If you can afford more expensive solutions then go for it. But even than you cannot be sure that devices are stable enough to not fail.
This starts to sound more and more the usual " give me all the Cisco,Juniper “benefits”, but for 1/10 or 1/20 the price" topic that we have time after time here. i will not go into discussion, is it wrong or right, it is just the way it is. and from where i sit, every next year is an overall improvement.
On critical sites i usually deploy 3x devices ( we do buy them from different distributors ) - 1st online now, 2nd backup device, that is online and just need to trigger some scripts to initiate instead of 1st. and 3rd, that is not even attached to electricity. , but with all the configuration and cables attached.
worst case scenario - someone need to go there and unplug/plug power cords.
YES, it is 3 times more expensive to have 3 devices, but it is still several times cheaper that have one device from competition. So CCR can be “enterprise ready” simply your solution isn’t
Thanks, again, three CCRs, 1 already failed, another failed now (after unplug/plug the power cable as you so nicely put it - it doesn’t boot up again!! PS: Not the first time either - multiple devices)
The point is, these devices being ‘flagship’ devices, aren’t stable at all. If I can’t even TRUST a Mikrotik (that does MULTIPLE gbps in traffic) to come up again after a simple reboot, HOW ON EARTH can you trust it for mission critical services?
I mean really now. Seriously. A SIMPLE REBOOT!!! I guess the standard of ‘reliability’ is just lower when it comes to Mikrotik then, because if THIS is acceptable to Mikrotik and to a community that uses Mikrotik, then sorry. It’s COMPLETELY unacceptable that a device won’t even reboot (and that there’s NO way to recover it either - except for a crappy netinstall that runs on Windows only).
Failure of multiple CCRs are not normal, you should contact your distributor to make sure these devices are not from bad batch and get replacement or RMA.
Things to think about - You have RMA’d a router at this location before? Maybe it’s the location? Do you have stats on it? Do you monitor the power or temp?
Personally, every router I manage “calls home” every minute to report it’s health. Also, why didn’t you have a second partition?
That said… If you have had issues for years with Mikrotik, why do you keep using them?
It’s not an argument…what I presented are facts. Doesn’t mean I never have an issue with CCRs, but it’s not any more frequent than Cisco or any other vendor.
If you’re relying on the inherent stability of hardware / software on a singe platform to keep critical services online, then you need to rethink the design which includes power and physical layer concerns as well as the network hardware.
Please give us reasons or the only one reason why you have bought CCR if you trust other brands as core devices ?
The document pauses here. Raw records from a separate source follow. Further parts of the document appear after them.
Variables (X : Type) (d : X -> X -> R) (f : R -> X -> X).
Hypothesis Hmetric : is_metric X d.
Hypothesis Hflow : is_semiflow X d f.

Definition is_closed (K : X -> Prop) : Prop := is_open X d (fun w => ~ K w).

Lemma closed_dist_ge c a : is_closed (fun w => a <= d w c).
Proof.
  destruct Hmetric as (_ & _ & Hsym & Htri).
  intros w Hw; exists (a - d w c); split; [lra |].
  intros y Hy Hay; pose proof (Htri y w c); rewrite Hsym in Hy; lra.
Qed.

Lemma closed_dist_le c b : is_closed (fun w => d w c <= b).
Proof.
  destruct Hmetric as (_ & _ & _ & Htri).
  intros w Hw; exists (d w c - b); split; [lra |].
  intros y Hy Hyb; pose proof (Htri w y c); lra.
Qed.

Lemma closed_and (A B : X -> Prop) :
  is_closed A -> is_closed B -> is_closed (fun w => A w /\ B w).
Proof.
  intros HA HB w Hw; apply not_and_or in Hw as [Hw | Hw].
  - destruct (HA w Hw) as [r [Hr Hball]]; exists r; split; [exact Hr |].
    intros y Hy [Ay _]; exact (Hball y Hy Ay).
  - destruct (HB w Hw) as [r [Hr Hball]]; exists r; split; [exact Hr |].
    intros y Hy [_ By]; exact (Hball y Hy By).
Qed.

Lemma closed_forall (I : Type) (K : I -> X -> Prop) :
  (forall i, is_closed (K i)) -> is_closed (fun w => forall i, K i w).
Proof.
  intros HK w Hw; apply not_all_ex_not in Hw as [i Hi].
  destruct (HK i w Hi) as [r [Hr Hball]]; exists r; split; [exact Hr |].
  intros y Hy HKy; exact (Hball y Hy (HKy i)).
Qed.
Hypothesis A_nondecr : forall k u v, 0 <= u -> u <= v -> A k u <= A k v.
Hypothesis c_ge0 : forall k, 0 <= c k.

Let A_tot_nondecr u v : 0 <= u -> u <= v -> A_tot u <= A_tot v.
Proof. by move=> u_ge0 uv; apply: ler_sum => k _; exact: A_nondecr. Qed.

Let c_tot_ge0 : 0 <= c_tot.
Proof. exact: sumr_ge0. Qed.

Lemma sum_netput_inf_le t : 0 <= t ->
  \sum_(k < s) netput_inf (A k) (c k) t <= netput_inf A_tot c_tot t.
Proof.
move=> t_ge0; apply: netput_inf_glb => // u ut.
rewrite mulr_suml -sumrB; apply: ler_sum => k _.
exact: (netput_inf_le (A_nondecr k) (c_ge0 k) ut).
Qed.

Lemma workload_gap_ge0 t : 0 <= t -> 0 <= workload_gap t.
Proof.
move=> t_ge0; rewrite workload_gapE subr_ge0 le_min.
have -> : \sum_(k < s) Num.min 0 (netput_inf (A k) (c k) t) <= 0.
  by apply: sumr_le0 => k _; rewrite ge_min lexx.
apply: le_trans (sum_netput_inf_le t_ge0).
by apply: ler_sum => k _; rewrite ge_min lexx orbT.
Qed.

Lemma workload_gap_lipschitz :
  (c_tot + c_tot).-lipschitz_[set t | 0 <= t] workload_gap.
Proof.
move=> [t t'] tt'; rewrite /= !workload_gapE.
set m0 := fun (A' : R -> R) c' t => Num.min 0 (netput_inf A' c' t).
have -> : m0 A_tot c_tot t - \sum_(k < s) m0 (A k) (c k) t
          - (m0 A_tot c_tot t' - \sum_(k < s) m0 (A k) (c k) t')
        = (m0 A_tot c_tot t - m0 A_tot c_tot t')
          - \sum_(k < s) (m0 (A k) (c k) t - m0 (A k) (c k) t').
  by rewrite sumrB; ring.
rewrite mulrDl.
apply: le_trans (ler_normB _ _) _; apply: lerD.
  apply: le_trans (dist_min0 _ _) _.
  exact: netput_inf_lipschitz A_tot_nondecr c_tot_ge0 _ tt'.
apply: le_trans (ler_norm_sum _ _ _) _; rewrite mulr_suml; apply: ler_sum => k _.
apply: le_trans (dist_min0 _ _) _.
exact: netput_inf_lipschitz (A_nondecr k) (c_ge0 k) _ tt'.
Qed.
Why have you choosen NNN dollars over 3 x, 4x, 5 x times more expensive devices ?
Why haven’t you bought backup device if the location is so far from your office ? It seems to be not so clever move.
Remeber: I do not suggest that cheap could mean less quality.
I agree with this 100%. Every router that is more than 3 hours from me, has a second, identical router in a box already configured enough to get online.